In the records below, find the line containing "apply: vinner_le_of_vnorm_le; first nra." and the line containing "elim: t => [|t IH] //."; please repeat exactly the lines from one to the other, both included, and nothing more.

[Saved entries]
·····

Lemma derivable_pt_lim_block_line y j (v w : vec (n j)) t :
  derivable_pt_lim (fun t => f (upd y j (fun i => v i + t * w i))) t
    (vinner (gradf (upd y j (fun i => v i + t * w i)) j) w).
Proof.
move=> eps eps_gt0.
set p := upd y j (fun i => v i + t * w i).
set Nw := vnorm w.
have Nw0 : 0 <= Nw by apply: sqrt_pos.
have Nw1_gt0 : 0 < Nw + 1 by lra.
have [del [del_gt0 Hdel]] := Hgrad p _ (Rdiv_lt_0_compat _ _ eps_gt0 Nw1_gt0).
have step_gt0 : 0 < del / (Nw + 1) by apply: Rdiv_lt_0_compat; lra.
exists (mkposreal _ step_gt0) => h h_neq0 /= h_small.
have h_gt0 : 0 < Rabs h by apply: Rabs_pos_lt.
have -> : upd y j (fun i => v i + (t + h) * w i) = hadd p (upd hzero j (fun i => h * w i)).
  by rewrite /p hadd_upd; congr upd; apply: functional_extensionality => i; ring.
have hw_small : hnorm (upd hzero j (fun i => h * w i)) < del.
  have del_eq : del = del / (Nw + 1) * (Nw + 1) by field; lra.
  rewrite hnorm_upd0 vnorm_scale -/Nw del_eq; nra.
have := Hdel _ hw_small.
rewrite hnorm_upd0 vnorm_scale hinner_upd0 vinner_scaler -/Nw.
set A := f (hadd p _) - f p; set l := vinner (gradf p j) w => A_le.
have -> : A / h - l = (A - h * l) * / h by field.
rewrite Rabs_mult Rabs_inv.
apply: (Rle_lt_trans _ (eps / (Nw + 1) * (Rabs h * Nw) * / Rabs h)).
  by apply: Rmult_le_compat_r => //; apply/Rlt_le/Rinv_0_lt_compat.
have -> : eps / (Nw + 1) * (Rabs h * Nw) * / Rabs h = eps * (Nw / (Nw + 1)) by field; lra.
have -> : Nw / (Nw + 1) = 1 - / (Nw + 1) by field; lra.
have := Rinv_0_lt_compat _ Nw1_gt0; nra.
Qed.

Lemma block_descent (L : R) y j (u v : vec (n j)) : 0 < L ->
  (forall a b : vec (n j),
     vnorm (vsub (gradf (upd y j a) j) (gradf (upd y j b) j)) <= L * vnorm (vsub a b)) ->
  f (upd y j u) <= f (upd y j v) + vinner (gradf (upd y j v) j) (vsub u v)
                   + L / 2 * vnorm (vsub u v) ^ 2.
Proof.
move=> L_gt0 HL.
set w := vsub u v; set W := vnorm w ^ 2.
pose p t := upd y j (fun i => v i + t * w i).
have p0 : p 0 = upd y j v.
  by rewrite /p; congr upd; apply: functional_extensionality => i; ring.
have p1 : p 1 = upd y j u.
  by rewrite /p; congr upd; apply: functional_extensionality => i; rewrite /w /vsub; ring.
set l0 := vinner (gradf (upd y j v) j) w.
(* [psi] is nonincreasing on [0, 1] because the block gradient is L-Lipschitz. *)
pose psi t := f (p t) - t * l0 - L / 2 * W * (t * t).
pose dpsi t := vinner (gradf (p t) j) w - l0 - L * W * t.
have psi_deriv t : derivable_pt_lim psi t (dpsi t).
  have := derivable_pt_lim_minus _ _ _ _ _
    (derivable_pt_lim_minus _ _ _ _ _ (derivable_pt_lim_block_line y j v w t)
       (derivable_pt_lim_scal id l0 t 1 (derivable_pt_lim_id t)))
    (derivable_pt_lim_scal _ (L / 2 * W) t _
       (derivable_pt_lim_mult id id t 1 1 (derivable_pt_lim_id t) (derivable_pt_lim_id t))).
  set F := (X in derivable_pt_lim X _ _).
  have -> : F = psi.
    apply: functional_extensionality => s.
    by rewrite /F /psi /minus_fct /mult_real_fct /mult_fct /id /p; ring.
  by congr (derivable_pt_lim _ _); rewrite /dpsi /id /p; lra.
have dpsi_le0 t : 0 < t -> dpsi t <= 0.
  move=> t_gt0; rewrite /dpsi /l0 -p0 -vinner_vsubl.
  suff : vinner (vsub (gradf (p t) j) (gradf (p 0) j)) w <= L * t * W by lra.
  apply: vinner_le_of_vnorm_le; first nra.
  have := HL (fun i => v i + t * w i) (fun i => v i + 0 * w i).
  have -> : vsub (fun i => v i + t * w i) (fun i => v i + 0 * w i) = (fun i => t * w i).
    by apply: functional_extensionality => i; rewrite /vsub; ring.
  by rewrite vnorm_scale Rabs_pos_eq ?Rmult_assoc //; lra.
have [c [psi_diff [c_gt0 _]]] := MVT_cor2 psi dpsi 0 1 Rlt_0_1 (fun t _ => psi_deriv t).
have : psi 1 <= psi 0 by have := dpsi_le0 c c_gt0; nra.
by rewrite /psi p0 p1 /l0 /W; lra.
Qed.
End BlockDescent.

Lemma Rsum_iota_le (F : nat -> R) (a s t : nat) : (s <= t)%nat -> (forall h, 0 <= F h) ->
  \big[Rplus/R0]_(h <- iota a s) F h <= \big[Rplus/R0]_(h <- iota a t) F h.
Proof.
move=> st F0; rewrite -(subnKC st) iotaD big_cat /=.
have := Rsum_ge0 (iota (a + s) (t - s)) xpredT F (fun h _ => F0 h); lra.
Qed.

Lemma count_iota_le (P : pred nat) (a s t : nat) : (s <= t)%nat ->
  (count P (iota a s) <= count P (iota a t))%nat.
Proof. by move=> st; rewrite -(subnKC st) iotaD count_cat leq_addr. Qed.

(* Through h |-> k - h, the steps h <= k back from k fall into the window
   [k - t, k] that [cnt_idx] counts. *)
Lemma count_window (Q : pred nat) k t :
  (count (fun h => (h <= k)%nat && Q (k - h)%nat) (iota 1 t) <=
   count Q (iota (k - t) (k - (k - t)).+1))%nat.
Proof.
elim: t => [|t IH] //.
rewrite (_ : iota 1 t.+1 = iota 1 t ++ [:: t.+1]); last first.
  by rewrite -(addn1 t) iotaD add1n addn1.
rewrite count_cat /= addn0.
case: (leqP t.+1 k) => t_lt.
- rewrite (_ : k - (k - t.+1) = (k - (k - t)).+1)%nat; last lia.
  rewrite (_ : k - t.+1 = (k - t).-1)%nat; last lia.
  rewrite /= (_ : (k - t).-1.+1 = k - t)%nat; last lia.
  rewrite /= in IH; lia.
- rewrite (_ : k - t.+1 = 0)%nat; last lia.
  by move: IH; rewrite (_ : k - t = 0)%nat /=; lia.
Qed.

Section Lyapunov.
Context {m : nat} {n : 'I_m -> nat}.
Implicit Types (x : nat -> prodsp m n).

Definition lag_sq x k h := hnorm (hsub (zseq x k h) (zseq x k h.-1)) ^ 2.

Definition lyap_sum x tau k :=
  \big[Rplus/R0]_(1 <= h < tau.+1) (INR (tau - h + 1) * lag_sq x k h).

Definition lyap_weight M rho tau := M * sqrt (INR rho) / (2 * sqrt (INR tau)).

Lemma lyap_weight_ge0 M rho tau : 0 <= M -> (1 <= tau)%nat -> 0 <= lyap_weight M rho tau.
Proof.
move=> M_ge0 tau_ge1; have tau_gt0 : 0 < INR tau by apply: (lt_INR 0); apply/ltP.
apply: Rmult_le_pos; first by apply: Rmult_le_pos => //; apply: sqrt_pos.
by apply/Rlt_le/Rinv_0_lt_compat; have := sqrt_lt_R0 _ tau_gt0; lra.
Qed.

·····

** Completed task **
  apply: vinner_le_of_vnorm_le; first nra.
  have := HL (fun i => v i + t * w i) (fun i => v i + 0 * w i).
  have -> : vsub (fun i => v i + t * w i) (fun i => v i + 0 * w i) = (fun i => t * w i).
    by apply: functional_extensionality => i; rewrite /vsub; ring.
  by rewrite vnorm_scale Rabs_pos_eq ?Rmult_assoc //; lra.
have [c [psi_diff [c_gt0 _]]] := MVT_cor2 psi dpsi 0 1 Rlt_0_1 (fun t _ => psi_deriv t).
have : psi 1 <= psi 0 by have := dpsi_le0 c c_gt0; nra.
by rewrite /psi p0 p1 /l0 /W; lra.
Qed.
End BlockDescent.

Lemma Rsum_iota_le (F : nat -> R) (a s t : nat) : (s <= t)%nat -> (forall h, 0 <= F h) ->
  \big[Rplus/R0]_(h <- iota a s) F h <= \big[Rplus/R0]_(h <- iota a t) F h.
Proof.
move=> st F0; rewrite -(subnKC st) iotaD big_cat /=.
have := Rsum_ge0 (iota (a + s) (t - s)) xpredT F (fun h _ => F0 h); lra.
Qed.

Lemma count_iota_le (P : pred nat) (a s t : nat) : (s <= t)%nat ->
  (count P (iota a s) <= count P (iota a t))%nat.
Proof. by move=> st; rewrite -(subnKC st) iotaD count_cat leq_addr. Qed.

(* Through h |-> k - h, the steps h <= k back from k fall into the window
   [k - t, k] that [cnt_idx] counts. *)
Lemma count_window (Q : pred nat) k t :
  (count (fun h => (h <= k)%nat && Q (k - h)%nat) (iota 1 t) <=
   count Q (iota (k - t) (k - (k - t)).+1))%nat.
Proof.
elim: t => [|t IH] //.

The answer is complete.